Your answer should consist of each line below that includes the word "forall".
##### Dataset entries
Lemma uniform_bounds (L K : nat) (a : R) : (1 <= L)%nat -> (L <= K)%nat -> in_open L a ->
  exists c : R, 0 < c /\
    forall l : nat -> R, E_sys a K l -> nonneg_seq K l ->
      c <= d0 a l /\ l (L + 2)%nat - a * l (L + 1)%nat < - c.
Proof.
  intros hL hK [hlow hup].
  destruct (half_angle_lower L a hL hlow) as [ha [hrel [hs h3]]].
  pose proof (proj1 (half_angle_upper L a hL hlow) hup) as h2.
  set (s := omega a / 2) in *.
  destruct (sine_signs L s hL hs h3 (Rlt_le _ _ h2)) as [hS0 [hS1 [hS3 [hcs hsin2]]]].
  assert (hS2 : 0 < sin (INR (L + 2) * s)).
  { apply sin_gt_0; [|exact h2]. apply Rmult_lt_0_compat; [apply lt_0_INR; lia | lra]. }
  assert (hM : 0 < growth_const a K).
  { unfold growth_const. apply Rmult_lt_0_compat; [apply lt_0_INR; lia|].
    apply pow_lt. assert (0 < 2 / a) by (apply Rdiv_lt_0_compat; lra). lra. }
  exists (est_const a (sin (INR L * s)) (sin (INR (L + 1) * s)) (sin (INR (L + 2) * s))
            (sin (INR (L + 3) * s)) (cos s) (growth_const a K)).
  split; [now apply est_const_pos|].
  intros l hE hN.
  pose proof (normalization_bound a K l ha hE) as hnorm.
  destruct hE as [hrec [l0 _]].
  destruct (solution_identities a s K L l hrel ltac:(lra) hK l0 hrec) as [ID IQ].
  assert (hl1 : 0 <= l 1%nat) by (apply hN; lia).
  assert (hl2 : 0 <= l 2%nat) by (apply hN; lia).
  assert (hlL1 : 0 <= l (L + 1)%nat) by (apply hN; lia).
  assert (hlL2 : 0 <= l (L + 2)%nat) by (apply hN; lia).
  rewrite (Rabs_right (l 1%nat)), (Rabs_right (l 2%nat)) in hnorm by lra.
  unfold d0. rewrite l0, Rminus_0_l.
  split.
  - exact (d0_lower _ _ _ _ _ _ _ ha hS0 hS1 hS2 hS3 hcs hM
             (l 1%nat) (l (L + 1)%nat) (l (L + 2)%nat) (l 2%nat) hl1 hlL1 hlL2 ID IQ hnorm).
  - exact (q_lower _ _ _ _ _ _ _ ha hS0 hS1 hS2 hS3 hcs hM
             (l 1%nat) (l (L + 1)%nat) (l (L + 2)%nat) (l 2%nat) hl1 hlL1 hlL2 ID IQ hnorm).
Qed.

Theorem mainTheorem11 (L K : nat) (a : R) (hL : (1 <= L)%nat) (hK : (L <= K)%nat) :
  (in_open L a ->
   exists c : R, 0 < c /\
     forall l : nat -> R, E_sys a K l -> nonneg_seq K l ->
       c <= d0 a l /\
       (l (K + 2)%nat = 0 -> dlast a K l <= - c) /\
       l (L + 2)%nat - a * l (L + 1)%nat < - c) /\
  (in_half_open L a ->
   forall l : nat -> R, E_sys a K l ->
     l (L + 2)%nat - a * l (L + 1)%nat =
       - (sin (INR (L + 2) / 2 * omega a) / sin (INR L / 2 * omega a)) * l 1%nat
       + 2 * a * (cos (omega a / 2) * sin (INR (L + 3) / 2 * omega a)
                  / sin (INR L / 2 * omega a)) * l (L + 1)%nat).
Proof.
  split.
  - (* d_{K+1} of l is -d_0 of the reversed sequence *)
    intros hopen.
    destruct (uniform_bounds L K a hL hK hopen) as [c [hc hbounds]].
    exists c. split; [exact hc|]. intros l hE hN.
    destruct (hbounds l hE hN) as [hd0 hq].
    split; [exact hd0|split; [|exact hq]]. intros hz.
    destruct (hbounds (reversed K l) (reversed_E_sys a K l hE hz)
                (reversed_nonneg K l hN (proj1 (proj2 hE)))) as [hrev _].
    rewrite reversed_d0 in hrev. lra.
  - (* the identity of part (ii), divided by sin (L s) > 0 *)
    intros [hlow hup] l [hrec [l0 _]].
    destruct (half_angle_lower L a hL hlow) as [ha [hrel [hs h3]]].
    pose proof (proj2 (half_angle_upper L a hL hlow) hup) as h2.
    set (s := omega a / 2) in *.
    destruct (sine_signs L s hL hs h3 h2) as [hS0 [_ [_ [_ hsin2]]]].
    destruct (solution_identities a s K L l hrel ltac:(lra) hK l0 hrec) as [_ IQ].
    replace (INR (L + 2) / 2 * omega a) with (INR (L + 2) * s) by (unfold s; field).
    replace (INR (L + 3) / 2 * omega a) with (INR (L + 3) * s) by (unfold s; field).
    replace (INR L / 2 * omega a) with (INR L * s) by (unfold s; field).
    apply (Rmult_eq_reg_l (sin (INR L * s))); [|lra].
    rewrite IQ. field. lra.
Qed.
##########
### [Answer box]
    forall l : nat -> R, E_sys a K l -> nonneg_seq K l ->
     forall l : nat -> R, E_sys a K l -> nonneg_seq K l ->
   forall l : nat -> R, E_sys a K l ->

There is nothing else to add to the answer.